TASK MATERIAL Start Marker
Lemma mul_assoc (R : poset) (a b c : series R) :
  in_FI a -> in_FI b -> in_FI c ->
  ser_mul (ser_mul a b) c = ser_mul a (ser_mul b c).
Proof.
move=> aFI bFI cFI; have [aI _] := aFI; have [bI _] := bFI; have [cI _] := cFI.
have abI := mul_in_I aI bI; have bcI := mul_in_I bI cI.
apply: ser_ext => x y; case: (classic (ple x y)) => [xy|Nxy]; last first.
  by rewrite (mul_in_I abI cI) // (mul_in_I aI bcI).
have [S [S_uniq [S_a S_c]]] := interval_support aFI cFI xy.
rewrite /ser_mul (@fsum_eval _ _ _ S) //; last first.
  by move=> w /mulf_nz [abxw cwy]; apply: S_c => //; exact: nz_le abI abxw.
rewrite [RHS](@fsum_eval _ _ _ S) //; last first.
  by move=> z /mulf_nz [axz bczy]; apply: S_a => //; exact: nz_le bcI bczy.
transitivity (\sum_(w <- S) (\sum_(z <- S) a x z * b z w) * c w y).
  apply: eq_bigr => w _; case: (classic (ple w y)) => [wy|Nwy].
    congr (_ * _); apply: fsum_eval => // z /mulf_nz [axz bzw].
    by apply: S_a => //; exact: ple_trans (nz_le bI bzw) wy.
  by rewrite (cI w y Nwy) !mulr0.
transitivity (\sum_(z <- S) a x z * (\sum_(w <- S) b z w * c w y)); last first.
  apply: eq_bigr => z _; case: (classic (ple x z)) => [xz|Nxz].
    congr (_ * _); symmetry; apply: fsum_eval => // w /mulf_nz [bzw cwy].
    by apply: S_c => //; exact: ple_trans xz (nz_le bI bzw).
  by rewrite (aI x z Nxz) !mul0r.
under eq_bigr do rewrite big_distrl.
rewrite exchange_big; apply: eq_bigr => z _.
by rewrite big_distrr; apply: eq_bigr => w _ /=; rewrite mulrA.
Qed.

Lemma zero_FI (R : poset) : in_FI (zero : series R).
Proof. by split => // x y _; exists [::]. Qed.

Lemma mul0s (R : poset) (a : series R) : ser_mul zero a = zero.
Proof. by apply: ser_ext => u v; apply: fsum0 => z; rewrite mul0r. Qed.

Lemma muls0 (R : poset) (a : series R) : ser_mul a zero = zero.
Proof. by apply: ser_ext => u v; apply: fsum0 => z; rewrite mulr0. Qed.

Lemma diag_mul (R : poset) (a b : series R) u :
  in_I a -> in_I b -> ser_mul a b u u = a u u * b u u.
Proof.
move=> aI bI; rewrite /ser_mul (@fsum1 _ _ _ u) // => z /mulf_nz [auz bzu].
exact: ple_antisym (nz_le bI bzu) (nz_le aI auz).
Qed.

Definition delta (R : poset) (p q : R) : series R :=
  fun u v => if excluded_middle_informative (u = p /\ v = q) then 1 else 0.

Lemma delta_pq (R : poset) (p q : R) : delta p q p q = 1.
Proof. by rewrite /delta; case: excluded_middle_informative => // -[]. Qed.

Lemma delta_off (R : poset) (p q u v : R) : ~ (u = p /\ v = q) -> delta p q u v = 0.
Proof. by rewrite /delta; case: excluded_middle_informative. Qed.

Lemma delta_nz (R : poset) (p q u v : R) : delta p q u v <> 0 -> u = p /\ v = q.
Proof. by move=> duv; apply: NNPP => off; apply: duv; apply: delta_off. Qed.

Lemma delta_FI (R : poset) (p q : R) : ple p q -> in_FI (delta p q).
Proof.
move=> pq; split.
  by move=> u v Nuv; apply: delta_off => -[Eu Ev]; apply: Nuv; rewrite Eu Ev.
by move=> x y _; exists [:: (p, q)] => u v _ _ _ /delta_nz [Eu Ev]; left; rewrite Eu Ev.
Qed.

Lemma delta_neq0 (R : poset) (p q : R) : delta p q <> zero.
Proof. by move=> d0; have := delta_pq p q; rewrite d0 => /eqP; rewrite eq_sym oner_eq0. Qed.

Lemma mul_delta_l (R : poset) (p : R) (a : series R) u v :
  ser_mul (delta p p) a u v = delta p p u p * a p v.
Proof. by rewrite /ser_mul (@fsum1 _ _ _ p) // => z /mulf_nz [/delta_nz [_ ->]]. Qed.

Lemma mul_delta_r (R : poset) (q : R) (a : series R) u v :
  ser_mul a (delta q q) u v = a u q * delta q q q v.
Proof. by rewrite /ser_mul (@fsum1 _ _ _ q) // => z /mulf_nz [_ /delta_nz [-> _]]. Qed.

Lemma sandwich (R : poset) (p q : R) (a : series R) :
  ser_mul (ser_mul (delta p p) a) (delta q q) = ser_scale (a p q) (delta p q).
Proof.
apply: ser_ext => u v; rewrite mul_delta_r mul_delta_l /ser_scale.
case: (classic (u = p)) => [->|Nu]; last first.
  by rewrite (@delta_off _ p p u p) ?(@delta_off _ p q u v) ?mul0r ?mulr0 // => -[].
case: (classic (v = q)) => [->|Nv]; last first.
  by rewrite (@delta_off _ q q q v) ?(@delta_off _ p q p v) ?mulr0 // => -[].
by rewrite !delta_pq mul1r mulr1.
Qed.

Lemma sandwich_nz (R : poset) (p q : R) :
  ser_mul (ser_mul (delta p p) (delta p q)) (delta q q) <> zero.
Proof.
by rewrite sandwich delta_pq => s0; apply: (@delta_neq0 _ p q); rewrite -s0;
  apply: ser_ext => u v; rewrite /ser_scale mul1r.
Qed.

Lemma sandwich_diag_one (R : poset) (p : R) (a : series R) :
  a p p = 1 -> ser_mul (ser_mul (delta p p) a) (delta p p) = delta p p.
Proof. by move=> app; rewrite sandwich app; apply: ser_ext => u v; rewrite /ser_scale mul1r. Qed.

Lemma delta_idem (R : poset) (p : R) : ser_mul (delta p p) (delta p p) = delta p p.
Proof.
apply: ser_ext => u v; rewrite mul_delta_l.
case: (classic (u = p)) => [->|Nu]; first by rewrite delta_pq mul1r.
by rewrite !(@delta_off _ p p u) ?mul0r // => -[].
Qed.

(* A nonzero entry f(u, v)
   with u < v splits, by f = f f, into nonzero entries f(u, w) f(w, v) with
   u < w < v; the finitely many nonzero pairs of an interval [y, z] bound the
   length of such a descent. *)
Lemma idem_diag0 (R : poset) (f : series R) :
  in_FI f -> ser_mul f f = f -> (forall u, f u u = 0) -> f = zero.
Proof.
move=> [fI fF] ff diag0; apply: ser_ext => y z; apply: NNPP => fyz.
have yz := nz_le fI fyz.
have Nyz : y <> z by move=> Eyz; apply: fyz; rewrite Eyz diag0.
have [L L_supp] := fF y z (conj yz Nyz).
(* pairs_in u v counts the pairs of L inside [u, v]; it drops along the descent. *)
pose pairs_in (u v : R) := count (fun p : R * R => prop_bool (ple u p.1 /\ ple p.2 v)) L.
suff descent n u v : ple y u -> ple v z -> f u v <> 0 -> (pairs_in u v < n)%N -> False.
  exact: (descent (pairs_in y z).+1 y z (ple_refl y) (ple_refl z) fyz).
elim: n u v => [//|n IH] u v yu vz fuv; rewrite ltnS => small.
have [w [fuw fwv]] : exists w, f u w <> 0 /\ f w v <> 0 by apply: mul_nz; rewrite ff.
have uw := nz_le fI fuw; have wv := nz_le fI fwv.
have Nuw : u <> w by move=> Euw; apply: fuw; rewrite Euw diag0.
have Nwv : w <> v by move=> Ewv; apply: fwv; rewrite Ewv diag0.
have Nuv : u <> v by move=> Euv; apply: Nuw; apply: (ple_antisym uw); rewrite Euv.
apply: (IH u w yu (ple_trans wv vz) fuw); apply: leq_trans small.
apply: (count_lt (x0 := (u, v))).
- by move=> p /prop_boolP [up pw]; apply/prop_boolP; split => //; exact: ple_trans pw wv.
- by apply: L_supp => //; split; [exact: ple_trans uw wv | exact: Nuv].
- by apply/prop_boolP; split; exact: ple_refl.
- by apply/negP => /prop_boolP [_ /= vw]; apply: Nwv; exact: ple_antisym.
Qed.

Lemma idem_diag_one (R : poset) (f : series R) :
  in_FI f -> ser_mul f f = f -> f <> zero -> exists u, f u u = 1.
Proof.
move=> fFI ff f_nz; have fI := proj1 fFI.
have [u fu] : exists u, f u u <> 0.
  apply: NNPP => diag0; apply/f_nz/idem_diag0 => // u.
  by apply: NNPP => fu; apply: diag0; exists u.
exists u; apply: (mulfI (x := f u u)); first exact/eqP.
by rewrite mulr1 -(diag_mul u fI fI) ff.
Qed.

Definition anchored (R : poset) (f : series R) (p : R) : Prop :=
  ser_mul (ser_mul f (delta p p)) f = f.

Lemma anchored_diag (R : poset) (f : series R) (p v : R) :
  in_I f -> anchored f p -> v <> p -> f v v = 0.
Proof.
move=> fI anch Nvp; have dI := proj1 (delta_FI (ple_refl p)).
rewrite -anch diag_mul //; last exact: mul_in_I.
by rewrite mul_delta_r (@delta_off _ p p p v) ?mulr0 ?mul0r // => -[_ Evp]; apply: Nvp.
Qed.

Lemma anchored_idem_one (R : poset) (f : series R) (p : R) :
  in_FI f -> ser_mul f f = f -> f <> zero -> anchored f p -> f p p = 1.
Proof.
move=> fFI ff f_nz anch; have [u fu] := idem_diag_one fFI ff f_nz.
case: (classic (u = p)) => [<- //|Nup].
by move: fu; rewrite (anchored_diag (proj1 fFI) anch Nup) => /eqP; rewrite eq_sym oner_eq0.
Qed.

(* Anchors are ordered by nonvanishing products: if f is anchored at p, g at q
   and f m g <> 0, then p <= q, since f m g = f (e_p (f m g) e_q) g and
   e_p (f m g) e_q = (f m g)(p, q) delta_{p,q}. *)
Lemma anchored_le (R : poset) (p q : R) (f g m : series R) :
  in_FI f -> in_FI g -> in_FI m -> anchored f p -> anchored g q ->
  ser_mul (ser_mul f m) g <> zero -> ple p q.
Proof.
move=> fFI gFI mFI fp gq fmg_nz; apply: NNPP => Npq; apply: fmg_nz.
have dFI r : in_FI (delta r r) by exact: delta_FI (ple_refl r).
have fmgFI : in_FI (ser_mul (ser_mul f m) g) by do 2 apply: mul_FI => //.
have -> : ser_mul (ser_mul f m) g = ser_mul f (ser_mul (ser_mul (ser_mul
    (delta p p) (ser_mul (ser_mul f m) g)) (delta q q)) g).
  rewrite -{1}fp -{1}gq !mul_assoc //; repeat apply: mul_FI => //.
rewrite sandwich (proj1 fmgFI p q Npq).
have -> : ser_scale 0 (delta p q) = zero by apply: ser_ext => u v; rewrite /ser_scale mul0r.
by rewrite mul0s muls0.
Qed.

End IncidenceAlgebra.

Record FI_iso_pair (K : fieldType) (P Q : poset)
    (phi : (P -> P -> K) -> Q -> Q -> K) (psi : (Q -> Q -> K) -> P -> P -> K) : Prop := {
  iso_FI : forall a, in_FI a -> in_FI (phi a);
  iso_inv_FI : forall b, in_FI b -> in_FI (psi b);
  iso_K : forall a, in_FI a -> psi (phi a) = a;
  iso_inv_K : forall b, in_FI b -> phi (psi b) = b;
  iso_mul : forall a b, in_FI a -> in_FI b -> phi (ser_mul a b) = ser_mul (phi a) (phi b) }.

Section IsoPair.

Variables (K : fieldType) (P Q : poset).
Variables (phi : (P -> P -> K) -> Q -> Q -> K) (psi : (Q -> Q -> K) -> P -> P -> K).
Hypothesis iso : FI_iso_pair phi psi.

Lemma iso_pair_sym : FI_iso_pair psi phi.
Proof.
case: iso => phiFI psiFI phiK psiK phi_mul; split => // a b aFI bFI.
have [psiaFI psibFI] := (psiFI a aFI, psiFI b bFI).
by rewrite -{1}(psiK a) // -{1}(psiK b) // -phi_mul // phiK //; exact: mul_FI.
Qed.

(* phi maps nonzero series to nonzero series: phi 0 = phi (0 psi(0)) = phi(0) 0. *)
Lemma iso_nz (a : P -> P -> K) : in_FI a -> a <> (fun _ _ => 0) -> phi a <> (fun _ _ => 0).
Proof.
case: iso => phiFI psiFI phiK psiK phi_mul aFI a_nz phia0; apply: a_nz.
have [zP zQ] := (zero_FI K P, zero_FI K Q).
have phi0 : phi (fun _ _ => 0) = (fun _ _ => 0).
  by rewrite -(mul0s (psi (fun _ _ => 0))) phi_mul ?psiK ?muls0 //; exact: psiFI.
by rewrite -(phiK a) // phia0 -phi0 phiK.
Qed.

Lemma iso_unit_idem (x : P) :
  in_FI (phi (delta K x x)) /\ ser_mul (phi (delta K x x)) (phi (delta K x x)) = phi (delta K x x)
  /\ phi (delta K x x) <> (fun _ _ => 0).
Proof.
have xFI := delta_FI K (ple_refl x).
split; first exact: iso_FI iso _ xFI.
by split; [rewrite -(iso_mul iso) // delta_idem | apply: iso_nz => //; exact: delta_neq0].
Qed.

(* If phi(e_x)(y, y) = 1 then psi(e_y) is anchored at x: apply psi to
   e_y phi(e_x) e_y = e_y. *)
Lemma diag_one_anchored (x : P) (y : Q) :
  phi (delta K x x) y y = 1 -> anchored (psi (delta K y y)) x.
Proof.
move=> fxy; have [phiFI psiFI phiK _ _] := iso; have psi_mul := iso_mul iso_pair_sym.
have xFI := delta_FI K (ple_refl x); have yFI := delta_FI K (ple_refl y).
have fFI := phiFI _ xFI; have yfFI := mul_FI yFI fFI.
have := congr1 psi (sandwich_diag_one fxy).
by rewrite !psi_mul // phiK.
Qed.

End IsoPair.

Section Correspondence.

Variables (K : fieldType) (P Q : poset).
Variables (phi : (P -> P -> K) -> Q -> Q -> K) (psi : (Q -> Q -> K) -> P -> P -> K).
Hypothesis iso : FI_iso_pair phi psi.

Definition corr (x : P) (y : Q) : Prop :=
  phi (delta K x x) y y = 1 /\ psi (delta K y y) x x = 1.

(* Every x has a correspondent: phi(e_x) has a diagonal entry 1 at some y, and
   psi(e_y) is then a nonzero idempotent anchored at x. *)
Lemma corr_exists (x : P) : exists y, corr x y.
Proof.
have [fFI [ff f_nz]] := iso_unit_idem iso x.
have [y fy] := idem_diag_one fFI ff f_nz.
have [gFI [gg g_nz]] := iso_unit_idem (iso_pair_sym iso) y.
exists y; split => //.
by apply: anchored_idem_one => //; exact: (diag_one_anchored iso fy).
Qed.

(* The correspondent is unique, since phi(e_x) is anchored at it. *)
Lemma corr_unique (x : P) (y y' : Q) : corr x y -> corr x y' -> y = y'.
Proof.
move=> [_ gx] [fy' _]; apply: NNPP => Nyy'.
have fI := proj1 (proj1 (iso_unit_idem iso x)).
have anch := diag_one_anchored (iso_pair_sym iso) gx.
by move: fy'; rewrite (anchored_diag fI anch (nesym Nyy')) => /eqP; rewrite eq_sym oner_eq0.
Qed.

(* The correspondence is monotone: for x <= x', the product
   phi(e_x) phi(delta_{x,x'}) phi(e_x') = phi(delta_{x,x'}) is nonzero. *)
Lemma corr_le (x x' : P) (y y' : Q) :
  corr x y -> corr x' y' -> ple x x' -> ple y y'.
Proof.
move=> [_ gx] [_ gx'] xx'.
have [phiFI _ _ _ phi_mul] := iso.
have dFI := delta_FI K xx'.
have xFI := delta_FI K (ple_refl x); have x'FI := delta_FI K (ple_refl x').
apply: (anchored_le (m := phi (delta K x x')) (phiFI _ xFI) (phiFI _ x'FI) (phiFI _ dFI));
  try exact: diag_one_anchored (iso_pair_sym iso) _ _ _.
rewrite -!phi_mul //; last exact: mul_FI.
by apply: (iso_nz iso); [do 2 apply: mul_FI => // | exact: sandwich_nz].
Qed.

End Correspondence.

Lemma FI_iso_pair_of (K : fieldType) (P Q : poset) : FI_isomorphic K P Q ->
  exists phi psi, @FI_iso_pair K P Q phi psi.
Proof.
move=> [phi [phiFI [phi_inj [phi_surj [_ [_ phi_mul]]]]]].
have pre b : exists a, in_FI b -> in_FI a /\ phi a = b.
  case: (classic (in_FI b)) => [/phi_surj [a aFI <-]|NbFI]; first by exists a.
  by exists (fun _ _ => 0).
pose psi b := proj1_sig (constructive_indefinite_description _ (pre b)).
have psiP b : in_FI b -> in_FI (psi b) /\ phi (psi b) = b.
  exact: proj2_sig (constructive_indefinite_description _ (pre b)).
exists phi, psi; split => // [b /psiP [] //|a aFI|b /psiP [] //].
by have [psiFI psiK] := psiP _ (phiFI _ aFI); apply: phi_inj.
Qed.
TASK MATERIAL End Marker
(EXERCISE OBJECTIVE):
Write out exactly the lines between the start of the entries and the line containing "move=> aFI bFI", including that line and the first one.

(OUTPUT OF THE EXERCISE):
Lemma mul_assoc (R : poset) (a b c : series R) :
  in_FI a -> in_FI b -> in_FI c ->
  ser_mul (ser_mul a b) c = ser_mul a (ser_mul b c).
Proof.
move=> aFI bFI cFI; have [aI _] := aFI; have [bI _] := bFI; have [cI _] := cFI.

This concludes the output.